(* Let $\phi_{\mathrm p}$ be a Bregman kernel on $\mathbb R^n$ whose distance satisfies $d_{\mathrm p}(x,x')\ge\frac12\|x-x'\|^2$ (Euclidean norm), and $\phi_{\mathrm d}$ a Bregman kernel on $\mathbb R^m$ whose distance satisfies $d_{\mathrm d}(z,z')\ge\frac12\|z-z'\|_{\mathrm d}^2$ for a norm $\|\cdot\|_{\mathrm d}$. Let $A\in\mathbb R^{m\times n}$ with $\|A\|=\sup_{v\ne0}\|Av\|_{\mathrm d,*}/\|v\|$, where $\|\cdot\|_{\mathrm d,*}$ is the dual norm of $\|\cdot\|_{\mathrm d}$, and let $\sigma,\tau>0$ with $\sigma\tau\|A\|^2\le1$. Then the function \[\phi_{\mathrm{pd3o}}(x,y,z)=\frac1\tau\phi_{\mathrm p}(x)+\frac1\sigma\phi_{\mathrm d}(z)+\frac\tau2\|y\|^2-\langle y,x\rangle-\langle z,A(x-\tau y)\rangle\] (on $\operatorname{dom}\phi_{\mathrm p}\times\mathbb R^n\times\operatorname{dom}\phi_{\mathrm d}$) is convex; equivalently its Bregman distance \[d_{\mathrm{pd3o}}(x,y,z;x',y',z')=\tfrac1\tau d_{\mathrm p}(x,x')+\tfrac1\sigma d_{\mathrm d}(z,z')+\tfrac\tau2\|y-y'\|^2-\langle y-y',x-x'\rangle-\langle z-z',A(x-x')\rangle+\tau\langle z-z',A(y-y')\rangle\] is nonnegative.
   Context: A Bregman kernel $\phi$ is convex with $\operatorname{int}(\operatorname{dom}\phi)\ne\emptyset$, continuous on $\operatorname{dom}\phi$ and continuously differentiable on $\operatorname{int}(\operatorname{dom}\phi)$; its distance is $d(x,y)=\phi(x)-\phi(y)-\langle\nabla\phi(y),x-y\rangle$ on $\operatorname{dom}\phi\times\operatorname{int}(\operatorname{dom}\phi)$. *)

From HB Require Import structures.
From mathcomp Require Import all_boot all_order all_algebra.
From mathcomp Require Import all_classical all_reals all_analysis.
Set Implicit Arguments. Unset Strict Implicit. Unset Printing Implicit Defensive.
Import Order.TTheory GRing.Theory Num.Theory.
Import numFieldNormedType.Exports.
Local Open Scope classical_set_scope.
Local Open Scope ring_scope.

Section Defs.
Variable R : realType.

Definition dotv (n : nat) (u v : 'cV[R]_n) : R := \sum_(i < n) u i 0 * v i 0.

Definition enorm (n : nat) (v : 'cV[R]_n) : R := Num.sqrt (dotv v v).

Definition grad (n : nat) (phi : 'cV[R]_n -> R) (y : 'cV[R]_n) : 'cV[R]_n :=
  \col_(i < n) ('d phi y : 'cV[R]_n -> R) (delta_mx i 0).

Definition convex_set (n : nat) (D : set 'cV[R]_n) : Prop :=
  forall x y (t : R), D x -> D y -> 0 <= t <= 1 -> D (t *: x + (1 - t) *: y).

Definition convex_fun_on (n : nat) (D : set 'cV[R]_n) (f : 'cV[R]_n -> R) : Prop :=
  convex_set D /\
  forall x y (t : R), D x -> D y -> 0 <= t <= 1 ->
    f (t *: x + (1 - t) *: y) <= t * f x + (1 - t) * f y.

• • • • •

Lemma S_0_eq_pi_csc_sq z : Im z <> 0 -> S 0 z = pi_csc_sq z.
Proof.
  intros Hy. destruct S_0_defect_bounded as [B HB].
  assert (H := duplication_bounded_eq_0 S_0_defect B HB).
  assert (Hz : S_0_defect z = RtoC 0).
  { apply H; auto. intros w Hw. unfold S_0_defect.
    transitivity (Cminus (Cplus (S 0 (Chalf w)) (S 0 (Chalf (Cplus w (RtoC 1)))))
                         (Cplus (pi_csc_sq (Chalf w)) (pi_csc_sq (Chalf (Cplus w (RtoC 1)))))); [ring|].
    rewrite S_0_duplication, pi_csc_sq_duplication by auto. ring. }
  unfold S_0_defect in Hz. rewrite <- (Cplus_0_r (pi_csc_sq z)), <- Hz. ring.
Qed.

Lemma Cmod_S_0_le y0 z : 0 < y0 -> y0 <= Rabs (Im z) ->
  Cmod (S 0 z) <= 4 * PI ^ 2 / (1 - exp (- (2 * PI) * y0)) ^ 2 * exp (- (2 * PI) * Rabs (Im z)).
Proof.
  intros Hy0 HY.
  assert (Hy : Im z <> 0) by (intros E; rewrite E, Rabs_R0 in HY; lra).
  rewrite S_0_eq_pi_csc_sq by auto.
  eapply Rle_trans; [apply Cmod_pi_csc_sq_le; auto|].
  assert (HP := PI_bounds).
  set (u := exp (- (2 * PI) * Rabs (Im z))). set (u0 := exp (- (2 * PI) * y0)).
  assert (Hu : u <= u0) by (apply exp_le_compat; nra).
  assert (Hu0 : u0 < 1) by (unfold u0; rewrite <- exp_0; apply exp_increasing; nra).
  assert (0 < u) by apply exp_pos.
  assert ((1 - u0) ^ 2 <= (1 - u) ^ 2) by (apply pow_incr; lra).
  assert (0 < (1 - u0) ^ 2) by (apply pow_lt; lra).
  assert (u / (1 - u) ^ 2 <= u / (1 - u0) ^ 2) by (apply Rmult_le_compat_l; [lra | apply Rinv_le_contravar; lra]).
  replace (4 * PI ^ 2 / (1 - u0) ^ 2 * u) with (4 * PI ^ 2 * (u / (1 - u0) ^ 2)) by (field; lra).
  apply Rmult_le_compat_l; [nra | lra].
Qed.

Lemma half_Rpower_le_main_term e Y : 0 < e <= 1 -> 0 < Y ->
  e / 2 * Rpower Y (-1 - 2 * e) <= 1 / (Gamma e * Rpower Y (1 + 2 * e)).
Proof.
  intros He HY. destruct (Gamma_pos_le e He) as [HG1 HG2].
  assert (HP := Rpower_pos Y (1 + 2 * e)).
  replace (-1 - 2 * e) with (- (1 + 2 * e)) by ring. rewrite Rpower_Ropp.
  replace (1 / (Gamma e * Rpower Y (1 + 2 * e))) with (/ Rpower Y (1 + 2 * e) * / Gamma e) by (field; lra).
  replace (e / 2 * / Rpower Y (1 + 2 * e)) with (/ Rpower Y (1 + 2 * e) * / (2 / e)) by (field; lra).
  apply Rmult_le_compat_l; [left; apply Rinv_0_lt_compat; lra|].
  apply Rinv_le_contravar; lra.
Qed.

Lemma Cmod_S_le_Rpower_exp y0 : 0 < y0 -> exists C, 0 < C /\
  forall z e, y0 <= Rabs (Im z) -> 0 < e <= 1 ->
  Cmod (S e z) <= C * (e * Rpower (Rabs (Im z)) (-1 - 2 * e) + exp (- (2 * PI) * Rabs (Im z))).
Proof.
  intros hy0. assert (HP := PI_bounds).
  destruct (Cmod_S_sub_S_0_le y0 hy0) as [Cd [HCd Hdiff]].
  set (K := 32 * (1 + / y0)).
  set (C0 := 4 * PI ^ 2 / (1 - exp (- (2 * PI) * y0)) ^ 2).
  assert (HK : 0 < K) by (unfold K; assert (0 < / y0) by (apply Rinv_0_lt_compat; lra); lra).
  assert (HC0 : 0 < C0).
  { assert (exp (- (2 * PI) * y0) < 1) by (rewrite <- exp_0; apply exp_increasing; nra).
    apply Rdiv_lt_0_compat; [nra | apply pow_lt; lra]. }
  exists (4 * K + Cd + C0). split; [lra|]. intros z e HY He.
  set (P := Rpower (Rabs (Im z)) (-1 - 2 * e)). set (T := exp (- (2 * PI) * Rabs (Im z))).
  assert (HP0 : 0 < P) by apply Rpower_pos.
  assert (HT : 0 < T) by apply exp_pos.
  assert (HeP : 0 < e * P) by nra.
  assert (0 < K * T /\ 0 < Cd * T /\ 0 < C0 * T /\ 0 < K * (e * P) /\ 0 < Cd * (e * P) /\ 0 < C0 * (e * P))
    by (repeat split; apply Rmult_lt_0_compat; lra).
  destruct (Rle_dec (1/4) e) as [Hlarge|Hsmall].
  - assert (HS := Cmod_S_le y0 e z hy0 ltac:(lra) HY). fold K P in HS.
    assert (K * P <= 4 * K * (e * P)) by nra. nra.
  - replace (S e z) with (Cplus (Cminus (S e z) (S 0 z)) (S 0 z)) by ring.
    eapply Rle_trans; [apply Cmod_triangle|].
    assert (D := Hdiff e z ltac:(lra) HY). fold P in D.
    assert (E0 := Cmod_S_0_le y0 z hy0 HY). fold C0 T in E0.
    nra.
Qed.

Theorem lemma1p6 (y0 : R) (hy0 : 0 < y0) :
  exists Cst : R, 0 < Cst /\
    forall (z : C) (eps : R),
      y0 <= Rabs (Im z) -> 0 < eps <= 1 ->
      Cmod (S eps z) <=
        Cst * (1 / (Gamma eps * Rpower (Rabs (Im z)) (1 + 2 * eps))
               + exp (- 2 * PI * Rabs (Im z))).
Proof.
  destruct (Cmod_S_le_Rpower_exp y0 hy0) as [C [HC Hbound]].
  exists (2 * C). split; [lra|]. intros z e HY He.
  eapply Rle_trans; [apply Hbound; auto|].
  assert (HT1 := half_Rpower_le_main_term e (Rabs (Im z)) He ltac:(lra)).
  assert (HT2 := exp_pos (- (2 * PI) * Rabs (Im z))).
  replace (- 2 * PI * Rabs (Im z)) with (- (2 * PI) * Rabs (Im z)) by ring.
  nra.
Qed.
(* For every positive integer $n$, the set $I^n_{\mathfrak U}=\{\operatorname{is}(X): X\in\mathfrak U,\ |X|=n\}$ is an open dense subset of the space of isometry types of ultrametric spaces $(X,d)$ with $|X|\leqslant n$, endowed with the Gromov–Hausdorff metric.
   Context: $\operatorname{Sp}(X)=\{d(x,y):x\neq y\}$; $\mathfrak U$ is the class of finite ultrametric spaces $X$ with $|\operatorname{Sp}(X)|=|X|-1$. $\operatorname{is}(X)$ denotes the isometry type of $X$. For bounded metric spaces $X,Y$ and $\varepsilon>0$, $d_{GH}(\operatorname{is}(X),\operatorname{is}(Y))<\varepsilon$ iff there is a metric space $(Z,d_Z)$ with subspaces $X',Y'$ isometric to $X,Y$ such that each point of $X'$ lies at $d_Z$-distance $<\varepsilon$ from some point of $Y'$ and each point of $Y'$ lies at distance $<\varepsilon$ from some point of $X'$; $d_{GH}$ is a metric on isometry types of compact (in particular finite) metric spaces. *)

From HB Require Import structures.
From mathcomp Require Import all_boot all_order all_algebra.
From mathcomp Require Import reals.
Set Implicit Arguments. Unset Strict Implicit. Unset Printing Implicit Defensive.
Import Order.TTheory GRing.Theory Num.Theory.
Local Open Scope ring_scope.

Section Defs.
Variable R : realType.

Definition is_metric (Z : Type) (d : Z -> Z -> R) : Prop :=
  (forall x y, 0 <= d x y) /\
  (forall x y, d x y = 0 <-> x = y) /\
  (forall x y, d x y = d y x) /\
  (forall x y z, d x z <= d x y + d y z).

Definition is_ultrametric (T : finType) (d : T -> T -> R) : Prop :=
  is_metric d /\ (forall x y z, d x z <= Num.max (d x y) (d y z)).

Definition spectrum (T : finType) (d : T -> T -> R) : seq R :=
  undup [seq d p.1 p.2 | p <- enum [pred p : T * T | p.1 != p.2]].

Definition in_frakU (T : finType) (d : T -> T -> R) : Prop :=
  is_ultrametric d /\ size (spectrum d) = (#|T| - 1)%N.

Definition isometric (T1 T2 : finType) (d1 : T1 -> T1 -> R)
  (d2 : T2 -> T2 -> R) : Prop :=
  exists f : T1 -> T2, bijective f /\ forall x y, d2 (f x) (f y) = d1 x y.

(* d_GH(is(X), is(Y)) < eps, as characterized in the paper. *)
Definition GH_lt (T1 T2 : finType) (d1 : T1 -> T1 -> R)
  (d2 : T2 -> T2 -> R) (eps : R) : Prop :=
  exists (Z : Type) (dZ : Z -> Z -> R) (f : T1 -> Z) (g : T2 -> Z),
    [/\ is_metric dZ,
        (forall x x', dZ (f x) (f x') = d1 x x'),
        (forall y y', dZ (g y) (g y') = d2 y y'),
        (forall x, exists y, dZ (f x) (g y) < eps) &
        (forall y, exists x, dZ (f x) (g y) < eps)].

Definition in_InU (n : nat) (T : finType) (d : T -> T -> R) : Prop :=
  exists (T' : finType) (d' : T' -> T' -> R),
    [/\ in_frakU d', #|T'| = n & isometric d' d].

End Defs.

• • • • •

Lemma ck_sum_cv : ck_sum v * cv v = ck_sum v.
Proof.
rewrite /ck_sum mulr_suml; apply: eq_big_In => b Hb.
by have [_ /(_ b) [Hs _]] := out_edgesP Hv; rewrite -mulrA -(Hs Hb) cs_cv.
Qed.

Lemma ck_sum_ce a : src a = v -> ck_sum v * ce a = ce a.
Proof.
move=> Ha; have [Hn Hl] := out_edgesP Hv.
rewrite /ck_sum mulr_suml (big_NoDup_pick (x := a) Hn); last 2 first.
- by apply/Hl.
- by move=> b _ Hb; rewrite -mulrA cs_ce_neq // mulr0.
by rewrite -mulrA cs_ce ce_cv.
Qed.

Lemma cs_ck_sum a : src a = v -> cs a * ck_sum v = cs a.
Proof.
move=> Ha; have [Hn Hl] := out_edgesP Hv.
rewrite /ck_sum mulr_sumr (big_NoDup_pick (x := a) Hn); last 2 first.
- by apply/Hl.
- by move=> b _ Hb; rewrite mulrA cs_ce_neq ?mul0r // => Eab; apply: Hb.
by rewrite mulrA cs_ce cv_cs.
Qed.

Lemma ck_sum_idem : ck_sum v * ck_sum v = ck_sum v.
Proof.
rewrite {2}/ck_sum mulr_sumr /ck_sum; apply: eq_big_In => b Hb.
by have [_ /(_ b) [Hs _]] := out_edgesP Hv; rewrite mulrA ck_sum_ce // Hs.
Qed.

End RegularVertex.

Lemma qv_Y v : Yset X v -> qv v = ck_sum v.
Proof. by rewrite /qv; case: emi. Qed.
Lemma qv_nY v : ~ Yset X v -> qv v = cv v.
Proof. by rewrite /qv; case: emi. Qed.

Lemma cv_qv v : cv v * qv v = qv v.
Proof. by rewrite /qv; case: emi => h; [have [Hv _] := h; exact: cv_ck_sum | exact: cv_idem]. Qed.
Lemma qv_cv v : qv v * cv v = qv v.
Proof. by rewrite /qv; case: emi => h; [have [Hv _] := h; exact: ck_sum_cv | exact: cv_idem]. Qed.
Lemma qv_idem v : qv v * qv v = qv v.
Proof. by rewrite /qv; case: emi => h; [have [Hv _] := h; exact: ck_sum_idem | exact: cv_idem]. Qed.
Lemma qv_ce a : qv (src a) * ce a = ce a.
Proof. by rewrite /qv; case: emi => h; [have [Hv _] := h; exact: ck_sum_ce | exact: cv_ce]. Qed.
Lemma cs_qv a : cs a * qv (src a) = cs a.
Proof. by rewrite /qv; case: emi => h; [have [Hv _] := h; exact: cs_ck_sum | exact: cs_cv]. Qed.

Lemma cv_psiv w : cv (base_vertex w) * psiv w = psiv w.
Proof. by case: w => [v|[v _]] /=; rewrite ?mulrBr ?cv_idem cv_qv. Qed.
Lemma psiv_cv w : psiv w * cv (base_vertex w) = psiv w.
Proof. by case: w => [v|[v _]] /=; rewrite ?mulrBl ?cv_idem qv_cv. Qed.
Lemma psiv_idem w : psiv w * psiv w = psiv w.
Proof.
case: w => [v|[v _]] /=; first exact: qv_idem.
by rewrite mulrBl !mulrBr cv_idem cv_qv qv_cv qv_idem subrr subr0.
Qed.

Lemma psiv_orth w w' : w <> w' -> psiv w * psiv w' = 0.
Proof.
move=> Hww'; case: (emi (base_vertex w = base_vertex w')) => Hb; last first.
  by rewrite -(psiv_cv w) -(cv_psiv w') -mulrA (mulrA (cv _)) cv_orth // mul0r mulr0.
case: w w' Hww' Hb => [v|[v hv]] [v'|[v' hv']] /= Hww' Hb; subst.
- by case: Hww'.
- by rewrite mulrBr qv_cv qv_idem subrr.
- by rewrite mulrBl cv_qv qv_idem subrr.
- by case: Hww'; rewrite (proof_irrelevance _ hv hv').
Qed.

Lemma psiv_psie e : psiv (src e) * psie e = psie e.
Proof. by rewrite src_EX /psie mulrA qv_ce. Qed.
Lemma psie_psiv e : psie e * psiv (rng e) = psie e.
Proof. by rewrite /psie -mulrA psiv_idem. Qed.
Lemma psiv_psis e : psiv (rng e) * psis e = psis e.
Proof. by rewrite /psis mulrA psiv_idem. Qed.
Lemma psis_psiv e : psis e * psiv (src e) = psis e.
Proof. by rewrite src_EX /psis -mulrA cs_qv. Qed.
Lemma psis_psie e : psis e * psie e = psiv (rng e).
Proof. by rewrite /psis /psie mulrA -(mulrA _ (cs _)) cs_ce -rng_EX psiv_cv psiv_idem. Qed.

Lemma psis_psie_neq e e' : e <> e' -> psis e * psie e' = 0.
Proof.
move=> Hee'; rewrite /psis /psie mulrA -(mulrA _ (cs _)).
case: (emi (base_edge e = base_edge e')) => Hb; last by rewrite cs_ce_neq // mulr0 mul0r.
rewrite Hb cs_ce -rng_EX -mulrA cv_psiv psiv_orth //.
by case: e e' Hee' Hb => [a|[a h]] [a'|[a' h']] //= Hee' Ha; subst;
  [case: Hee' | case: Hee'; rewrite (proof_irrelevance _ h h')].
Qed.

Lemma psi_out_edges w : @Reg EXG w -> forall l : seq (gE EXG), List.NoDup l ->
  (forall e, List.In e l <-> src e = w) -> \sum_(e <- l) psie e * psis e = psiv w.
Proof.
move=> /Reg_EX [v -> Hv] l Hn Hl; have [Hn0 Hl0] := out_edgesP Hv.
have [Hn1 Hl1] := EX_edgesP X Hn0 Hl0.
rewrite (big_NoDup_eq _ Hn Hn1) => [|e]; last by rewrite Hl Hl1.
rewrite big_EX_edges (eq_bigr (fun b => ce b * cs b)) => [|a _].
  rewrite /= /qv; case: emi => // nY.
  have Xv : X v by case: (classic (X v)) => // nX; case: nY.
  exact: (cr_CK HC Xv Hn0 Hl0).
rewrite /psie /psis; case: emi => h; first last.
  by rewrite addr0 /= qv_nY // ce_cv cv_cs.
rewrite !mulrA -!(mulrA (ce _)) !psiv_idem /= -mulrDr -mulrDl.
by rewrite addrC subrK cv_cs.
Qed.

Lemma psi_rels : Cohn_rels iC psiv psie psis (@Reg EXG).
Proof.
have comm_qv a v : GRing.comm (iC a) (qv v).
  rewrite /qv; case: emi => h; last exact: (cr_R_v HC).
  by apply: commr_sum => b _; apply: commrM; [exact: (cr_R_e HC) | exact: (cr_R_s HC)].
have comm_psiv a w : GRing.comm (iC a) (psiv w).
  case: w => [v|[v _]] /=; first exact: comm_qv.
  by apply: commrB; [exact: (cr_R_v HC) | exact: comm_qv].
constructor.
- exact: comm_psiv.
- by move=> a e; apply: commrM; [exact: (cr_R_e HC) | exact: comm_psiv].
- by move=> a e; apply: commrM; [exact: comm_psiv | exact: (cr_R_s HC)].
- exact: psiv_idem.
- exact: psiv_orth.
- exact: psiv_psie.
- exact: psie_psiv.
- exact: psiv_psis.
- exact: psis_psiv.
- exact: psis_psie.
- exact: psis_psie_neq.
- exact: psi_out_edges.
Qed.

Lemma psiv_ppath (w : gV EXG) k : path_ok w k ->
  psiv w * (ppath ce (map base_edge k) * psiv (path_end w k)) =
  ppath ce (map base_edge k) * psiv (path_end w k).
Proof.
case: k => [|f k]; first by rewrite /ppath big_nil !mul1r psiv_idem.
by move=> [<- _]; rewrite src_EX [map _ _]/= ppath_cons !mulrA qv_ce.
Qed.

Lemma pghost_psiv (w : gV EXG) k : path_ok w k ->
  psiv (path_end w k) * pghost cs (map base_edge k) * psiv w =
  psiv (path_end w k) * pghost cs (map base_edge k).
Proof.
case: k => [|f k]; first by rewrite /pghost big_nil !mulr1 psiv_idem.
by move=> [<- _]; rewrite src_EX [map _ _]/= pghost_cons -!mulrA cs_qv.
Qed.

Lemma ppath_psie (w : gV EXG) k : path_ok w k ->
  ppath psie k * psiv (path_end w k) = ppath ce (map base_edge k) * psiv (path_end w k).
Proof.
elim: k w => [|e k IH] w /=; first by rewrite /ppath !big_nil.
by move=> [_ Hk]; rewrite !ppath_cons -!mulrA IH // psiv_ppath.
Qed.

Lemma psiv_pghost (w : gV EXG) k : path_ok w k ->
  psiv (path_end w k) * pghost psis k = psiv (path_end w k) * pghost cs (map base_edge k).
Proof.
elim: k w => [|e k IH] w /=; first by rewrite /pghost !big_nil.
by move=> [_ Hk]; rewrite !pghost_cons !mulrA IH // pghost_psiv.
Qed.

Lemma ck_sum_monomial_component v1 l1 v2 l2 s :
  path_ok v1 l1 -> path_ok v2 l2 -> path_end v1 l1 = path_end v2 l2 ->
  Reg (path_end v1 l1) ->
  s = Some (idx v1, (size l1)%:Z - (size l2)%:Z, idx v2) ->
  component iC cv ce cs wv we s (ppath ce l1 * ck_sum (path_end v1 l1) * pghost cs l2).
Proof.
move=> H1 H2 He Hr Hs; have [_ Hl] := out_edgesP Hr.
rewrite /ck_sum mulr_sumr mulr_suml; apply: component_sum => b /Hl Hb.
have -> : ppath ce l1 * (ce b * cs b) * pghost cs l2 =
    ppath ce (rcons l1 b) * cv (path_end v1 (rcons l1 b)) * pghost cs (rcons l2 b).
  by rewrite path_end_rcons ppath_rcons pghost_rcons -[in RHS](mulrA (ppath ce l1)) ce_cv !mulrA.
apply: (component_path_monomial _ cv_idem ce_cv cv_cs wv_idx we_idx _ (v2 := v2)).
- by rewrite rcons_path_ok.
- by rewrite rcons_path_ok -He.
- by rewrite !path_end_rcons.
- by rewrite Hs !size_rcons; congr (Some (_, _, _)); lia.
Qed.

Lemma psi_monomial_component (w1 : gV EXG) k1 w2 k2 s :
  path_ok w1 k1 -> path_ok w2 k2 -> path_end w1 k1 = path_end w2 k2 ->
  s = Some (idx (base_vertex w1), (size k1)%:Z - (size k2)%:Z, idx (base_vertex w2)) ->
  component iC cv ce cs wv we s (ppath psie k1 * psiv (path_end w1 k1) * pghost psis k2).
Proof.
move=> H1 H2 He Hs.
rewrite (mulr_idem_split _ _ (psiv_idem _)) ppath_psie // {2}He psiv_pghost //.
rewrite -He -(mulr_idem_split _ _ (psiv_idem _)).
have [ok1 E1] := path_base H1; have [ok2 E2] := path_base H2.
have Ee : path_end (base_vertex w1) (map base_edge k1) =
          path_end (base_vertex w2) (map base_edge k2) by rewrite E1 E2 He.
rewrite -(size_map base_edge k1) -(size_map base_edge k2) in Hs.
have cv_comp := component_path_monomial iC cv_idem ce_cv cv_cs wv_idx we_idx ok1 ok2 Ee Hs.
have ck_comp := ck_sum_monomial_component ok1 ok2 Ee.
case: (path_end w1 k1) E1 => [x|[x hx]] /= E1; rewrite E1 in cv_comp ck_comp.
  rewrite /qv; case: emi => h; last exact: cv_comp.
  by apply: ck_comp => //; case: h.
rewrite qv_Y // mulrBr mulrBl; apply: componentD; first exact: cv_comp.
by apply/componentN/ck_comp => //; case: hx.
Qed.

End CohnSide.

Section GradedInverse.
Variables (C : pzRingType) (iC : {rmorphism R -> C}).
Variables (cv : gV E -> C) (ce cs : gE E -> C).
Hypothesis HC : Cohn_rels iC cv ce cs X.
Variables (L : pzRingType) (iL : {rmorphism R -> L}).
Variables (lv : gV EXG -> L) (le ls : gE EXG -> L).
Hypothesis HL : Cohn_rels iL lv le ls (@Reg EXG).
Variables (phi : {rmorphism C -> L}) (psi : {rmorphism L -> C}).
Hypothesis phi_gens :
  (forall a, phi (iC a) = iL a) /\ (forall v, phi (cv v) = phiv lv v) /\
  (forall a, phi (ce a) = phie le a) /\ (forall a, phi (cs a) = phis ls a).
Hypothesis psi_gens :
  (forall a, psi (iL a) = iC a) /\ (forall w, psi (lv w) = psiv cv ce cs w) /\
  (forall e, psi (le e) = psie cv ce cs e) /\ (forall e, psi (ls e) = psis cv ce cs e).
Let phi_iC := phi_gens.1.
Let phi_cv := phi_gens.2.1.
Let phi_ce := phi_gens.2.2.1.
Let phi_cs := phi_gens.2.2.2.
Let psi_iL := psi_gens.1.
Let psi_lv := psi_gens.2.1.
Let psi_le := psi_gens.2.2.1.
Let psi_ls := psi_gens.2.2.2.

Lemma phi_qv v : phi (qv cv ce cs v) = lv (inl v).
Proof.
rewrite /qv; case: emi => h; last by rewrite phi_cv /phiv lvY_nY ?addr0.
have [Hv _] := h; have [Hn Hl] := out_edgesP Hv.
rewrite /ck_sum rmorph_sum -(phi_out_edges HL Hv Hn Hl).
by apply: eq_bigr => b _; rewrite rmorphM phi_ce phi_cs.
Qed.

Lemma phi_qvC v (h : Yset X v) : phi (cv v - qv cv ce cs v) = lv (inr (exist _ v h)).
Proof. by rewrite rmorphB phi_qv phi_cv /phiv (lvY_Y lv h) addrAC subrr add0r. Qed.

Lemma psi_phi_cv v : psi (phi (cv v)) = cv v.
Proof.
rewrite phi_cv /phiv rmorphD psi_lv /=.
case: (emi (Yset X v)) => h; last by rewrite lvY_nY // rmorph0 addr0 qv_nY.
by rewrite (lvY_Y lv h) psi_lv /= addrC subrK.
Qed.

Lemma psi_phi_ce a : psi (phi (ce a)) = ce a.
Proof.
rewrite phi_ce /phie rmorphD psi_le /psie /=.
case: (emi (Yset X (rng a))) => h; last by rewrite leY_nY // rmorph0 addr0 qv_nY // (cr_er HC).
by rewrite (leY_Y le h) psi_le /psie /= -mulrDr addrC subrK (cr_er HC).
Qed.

• • • • •

Copy, from the data above, every line where the word "rmorphism" appears.

* [Finished exercise]
Variables (C : pzRingType) (iC : {rmorphism R -> C}).
Variables (L : pzRingType) (iL : {rmorphism R -> L}).
Variables (phi : {rmorphism C -> L}) (psi : {rmorphism L -> C}).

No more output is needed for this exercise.